*Task objective*. Please write out exactly the lines of the data below from the line holding "Proof. by apply: dx_is_derive;" through the line holding "Proof. exact (is_deriveB (is_derive_dt", and leave out the rest.

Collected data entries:
━━━━━━

(* Consider the homogeneous two-fluid model in $\mathbb{R}^d$: unknowns are the volume fractions $\alpha^\pm\in[0,1]$ with $\alpha^++\alpha^-=1$, the phase densities $\rho^\pm>0$, a common velocity field $\vec{u}$, a common pressure $p$ and the mixture specific internal energy $e$, satisfying \begin{align*} (\alpha^+\rho^+)_t + \nabla\cdot(\alpha^+\rho^+\vec{u}) &= 0,\\ (\alpha^-\rho^-)_t + \nabla\cdot(\alpha^-\rho^-\vec{u}) &= 0,\\ (\rho\vec{u})_t + \nabla\cdot(\rho\vec{u}\otimes\vec{u} + p\,\mathbb{I}) &= \rho\vec{g},\\ (\rho E)_t + \nabla\cdot(\rho H\vec{u}) &= \rho\vec{g}\cdot\vec{u}, \end{align*} where $\vec g$ is a constant gravity vector, $\rho=\alpha^+\rho^++\alpha^-\rho^-$, $E=e+\tfrac12|\vec u|^2$, $H=E+p/\rho$, and the system is closed by the mixture equation of state described in the context. Let $\alpha=\alpha^+-\alpha^-$, and let $s$ be the mixture specific entropy defined by $2\rho s=(1+\alpha)\rho^+s^++(1-\alpha)\rho^-s^-$. Then continuous solutions of this system satisfy \begin{align*} \vec{u}_t + \vec{u}\cdot\nabla\vec{u} + \frac{1}{\rho}\nabla p &= \vec{g},\\ p_t + \vec{u}\cdot\nabla p + \rho c_s^2\,\nabla\cdot\vec{u} &= 0,\\ \alpha_t + \vec{u}\cdot\nabla\alpha + (1-\alpha^2)\,\delta\,\nabla\cdot\vec{u} &= 0,\\ s_t + \vec{u}\cdot\nabla s &= 0, \end{align*} where $c_s$ and $\delta$ are defined as follows: with $(c_s^\pm)^2=\dfrac{\gamma^\pm p+\pi^\pm}{\rho^\pm}$ and $$\rho a^2=\frac{(1+\alpha)\rho^+(c_s^+)^2}{2(\gamma^+-1)}+\frac{(1-\alpha)\rho^-(c_s^-)^2}{2(\gamma^--1)},$$ $c_s>0$ is given by $$\frac{1}{\rho c_s^2}=\frac{(1+\alpha)\gamma^+}{2\rho^+(c_s^+)^2}+\frac{(1-\alpha)\gamma^-}{2\rho^-(c_s^-)^2}-\frac{1}{\rho a^2},$$ and $$\delta=\frac12\,\frac{\rho c_s^2(\gamma^-\pi^+-\gamma^+\pi^-)}{\rho^+\rho^-(c_s^+)^2(c_s^-)^2}.$$
   Context: Each pure fluid (superscript $+$ for liquid, $-$ for gas) obeys a stiffened-gas equation of state with constants $\gamma^\pm>1$, $C_V^\pm>0$, $\pi^\pm\ge 0$: $p^\pm+\pi^\pm=(\gamma^\pm-1)\rho^\pm e^\pm$ and $e^\pm=C_V^\pm T^\pm+\dfrac{\pi^\pm}{\gamma^\pm\rho^\pm}$, where $e^\pm,T^\pm$ are the specific internal energy and temperature of phase $\pm$. The mixture equation of state $p=\mathcal P(\alpha,\rho,e)$ is defined by requiring pressure and temperature equilibrium between the phases: given $\alpha\in[-1,1]$, $\rho>0$, $e>0$, one solves for $\rho^\pm,e^\pm$ the system $(1+\alpha)\rho^++(1-\alpha)\rho^-=2\rho$, $(1+\alpha)\rho^+e^++(1-\alpha)\rho^-e^-=2\rho e$, $p^+=p^-$, $T^+=T^-$, and sets $p=p^\pm$, $T=T^\pm$. Here $s^\pm$ denotes the specific entropy of phase $\pm$ (a function of $(\rho^\pm,e^\pm)$ satisfying $T^\pm ds^\pm=de^\pm+p^\pm d(1/\rho^\pm)$). *)

From HB Require Import structures.
From mathcomp Require Import all_boot all_order all_algebra.
From mathcomp Require Import all_classical all_reals all_analysis.
Set Implicit Arguments. Unset Strict Implicit. Unset Printing Implicit Defensive.
Import Order.TTheory GRing.Theory Num.Theory.
Import numFieldNormedType.Exports.
Local Open Scope ring_scope.

Section TwoFluid.
Variables (R : realType) (d : nat).

Notation sfield := (R -> 'rV[R]_d -> R).

Definition ei (i : 'I_d) : 'rV[R]_d := delta_mx 0 i.

Definition dt (F : sfield) (t : R) (x : 'rV[R]_d) : R :=
  derive1 (fun tau : R => F tau x) t.

Definition dx (i : 'I_d) (F : sfield) (t : R) (x : 'rV[R]_d) : R :=
  derive1 (fun h : R => F t (x + h *: ei i)) 0.

Definition partial_derivable (F : sfield) : Prop :=
  forall t x, derivable (fun tau : R => F tau x) t 1 /\
    forall i, derivable (fun h : R => F t (x + h *: ei i)) 0 1.

Definition divergence (u : 'I_d -> sfield) (t : R) (x : 'rV[R]_d) : R :=
  \sum_i dx i (u i) t x.

Definition advect (u : 'I_d -> sfield) (F : sfield) (t : R) (x : 'rV[R]_d) : R :=
  \sum_i u i t x * dx i F t x.

End TwoFluid.

(* Stiffened gas EOS of one phase: p + pi = (gamma-1) rho e,
   e = Cv T + pi/(gamma rho). *)
Definition sg_pressure {R : realType} (gam pi rho e : R) : R :=
  (gam - 1) * rho * e - pi.
Definition sg_temperature {R : realType} (gam Cv pi rho e : R) : R :=
  (e - pi / (gam * rho)) / Cv.
(* specific entropy s = Cv ln(T rho^(1-gamma)) + s0 (s0 arbitrary constant);
   it satisfies T ds = de + p d(1/rho). *)
Definition sg_entropy {R : realType} (gam Cv pi s0 rho e : R) : R :=
  Cv * (ln (sg_temperature gam Cv pi rho e) - (gam - 1) * ln rho) + s0.

Definition sound2 {R : realType} (gam pi rho p : R) : R := (gam * p + pi) / rho.

Definition mix_rho_a2 {R : realType} (gp gm pip pim a rp rm p : R) : R :=
  (1 + a) * rp * sound2 gp pip rp p / (2 * (gp - 1))
  + (1 - a) * rm * sound2 gm pim rm p / (2 * (gm - 1)).

Definition mix_rho_cs2 {R : realType} (gp gm pip pim a rp rm p : R) : R :=
  ((1 + a) * gp / (2 * rp * sound2 gp pip rp p)
   + (1 - a) * gm / (2 * rm * sound2 gm pim rm p)
   - 1 / mix_rho_a2 gp gm pip pim a rp rm p)^-1.

Definition mix_delta {R : realType} (gp gm pip pim a rp rm p : R) : R :=
  (1 / 2) * (mix_rho_cs2 gp gm pip pim a rp rm p * (gm * pip - gp * pim))
  / (rp * rm * sound2 gp pip rp p * sound2 gm pim rm p).

From HB Require Import structures.
From mathcomp Require Import all_boot all_order all_algebra.
From mathcomp Require Import all_classical all_reals all_analysis.
From mathcomp Require Import ring lra.
Import Order.TTheory GRing.Theory Num.Theory.
Import numFieldNormedType.Exports.
Local Open Scope ring_scope.
Set Implicit Arguments. Unset Strict Implicit.

(* Write D = ∂t + u·∇ for the material derivative.  Each conservation law becomes a
   transport equation: D(α±ρ±) = -α±ρ± ∇·u, ρ Du = ρ g - ∇p and, after subtracting the
   kinetic energy balance, ρ De = -p ∇·u.  Both phases being stiffened gases in pressure
   and temperature equilibrium, ρe is affine in p with coefficients α±, and ln T+ = ln T-
   differentiates to γ+ Dp/(γ+ p + π+) - Dρ+/ρ+ = γ- Dp/(γ- p + π-) - Dρ-/ρ-.  With the two
   mass balances these are four linear relations between Dα+, Dρ±/ρ±, Dp and ∇·u:
   eliminating the density rates expresses Dα+ through Dp, and the energy balance then
   gives Dp = -ρ c_s² ∇·u and Dα = -(1-α²) δ ∇·u.  For the entropy, the Gibbs relation
   T ds = de + p d(1/ρ) turns α+ρ+ Ds+ + α-ρ- Ds- into the internal energy balance, so ρs
   obeys the same continuity equation as ρ and s = ρs/ρ is transported. *)

Section PartialDerivatives.
Variables (R : realType) (d : nat).
Notation sfield := (R -> 'rV[R]_d -> R).
Implicit Types (F G : sfield) (t : R) (x : 'rV[R]_d) (i : 'I_d).

Lemma addr_ei0 x i : x + 0 *: ei R i = x.
Proof. by rewrite scale0r addr0. Qed.

Lemma is_derive_dt F t x :
  partial_derivable F -> is_derive t 1 (fun tau => F tau x) (dt F t x).
Proof. by case/(_ t x) => /derivableP; rewrite /dt derive1E. Qed.

Lemma is_derive_dx F t x i :
  partial_derivable F -> is_derive (0 : R) 1 (fun h => F t (x + h *: ei R i)) (dx i F t x).
Proof. by case/(_ t x) => _ /(_ i)/derivableP; rewrite /dx derive1E. Qed.

Lemma dt_is_derive F t x df : is_derive t 1 (fun tau => F tau x) df -> dt F t x = df.
Proof. by move=> H; rewrite /dt derive1E derive_val. Qed.

Lemma dx_is_derive F t x i df :
  is_derive (0 : R) 1 (fun h => F t (x + h *: ei R i)) df -> dx i F t x = df.
Proof. by move=> H; rewrite /dx derive1E derive_val. Qed.

Lemma partial_derivableP F (Ft : sfield) (Fx : 'I_d -> sfield) :
  (forall t x, is_derive t 1 (fun tau => F tau x) (Ft t x)) ->
  (forall t x i, is_derive (0 : R) 1 (fun h => F t (x + h *: ei R i)) (Fx i t x)) ->
  partial_derivable F.
Proof. by move=> Ht Hx t x; split=> [|i]; [case: (Ht t x) | case: (Hx t x i)]. Qed.

Lemma partial_derivableC (c : R) : partial_derivable (fun (_ : R) (_ : 'rV[R]_d) => c).
Proof.
by apply: (@partial_derivableP _ (fun _ _ => 0) (fun _ _ _ => 0)) => *;
  apply: is_derive_cst.
Qed.

Lemma dtC (c : R) t x : dt (fun (_ : R) (_ : 'rV[R]_d) => c) t x = 0.
Proof. by apply: dt_is_derive; apply: is_derive_cst. Qed.

Lemma dxC (c : R) i t x : dx i (fun (_ : R) (_ : 'rV[R]_d) => c) t x = 0.
Proof. by apply: dx_is_derive; apply: is_derive_cst. Qed.

Section Binary.
Variables (F G : sfield).
Hypotheses (HF : partial_derivable F) (HG : partial_derivable G).

Let is_derive_dtD t x :
  is_derive t 1 (fun tau => F tau x + G tau x) (dt F t x + dt G t x).
Proof. exact (is_deriveD (is_derive_dt t x HF) (is_derive_dt t x HG)). Qed.

Let is_derive_dxD t x i : is_derive (0 : R) 1
  (fun h => F t (x + h *: ei R i) + G t (x + h *: ei R i)) (dx i F t x + dx i G t x).
Proof. exact (is_deriveD (is_derive_dx t x i HF) (is_derive_dx t x i HG)). Qed.

Let is_derive_dtB t x :
  is_derive t 1 (fun tau => F tau x - G tau x) (dt F t x - dt G t x).
Proof. exact (is_deriveB (is_derive_dt t x HF) (is_derive_dt t x HG)). Qed.

Let is_derive_dxB t x i : is_derive (0 : R) 1
  (fun h => F t (x + h *: ei R i) - G t (x + h *: ei R i)) (dx i F t x - dx i G t x).
Proof. exact (is_deriveB (is_derive_dx t x i HF) (is_derive_dx t x i HG)). Qed.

━━━━━━

*Task response*.
Proof. by apply: dx_is_derive; apply: is_derive_cst. Qed.

Section Binary.
Variables (F G : sfield).
Hypotheses (HF : partial_derivable F) (HG : partial_derivable G).

Let is_derive_dtD t x :
  is_derive t 1 (fun tau => F tau x + G tau x) (dt F t x + dt G t x).
Proof. exact (is_deriveD (is_derive_dt t x HF) (is_derive_dt t x HG)). Qed.

Let is_derive_dxD t x i : is_derive (0 : R) 1
  (fun h => F t (x + h *: ei R i) + G t (x + h *: ei R i)) (dx i F t x + dx i G t x).
Proof. exact (is_deriveD (is_derive_dx t x i HF) (is_derive_dx t x i HG)). Qed.

Let is_derive_dtB t x :
  is_derive t 1 (fun tau => F tau x - G tau x) (dt F t x - dt G t x).
Proof. exact (is_deriveB (is_derive_dt t x HF) (is_derive_dt t x HG)). Qed.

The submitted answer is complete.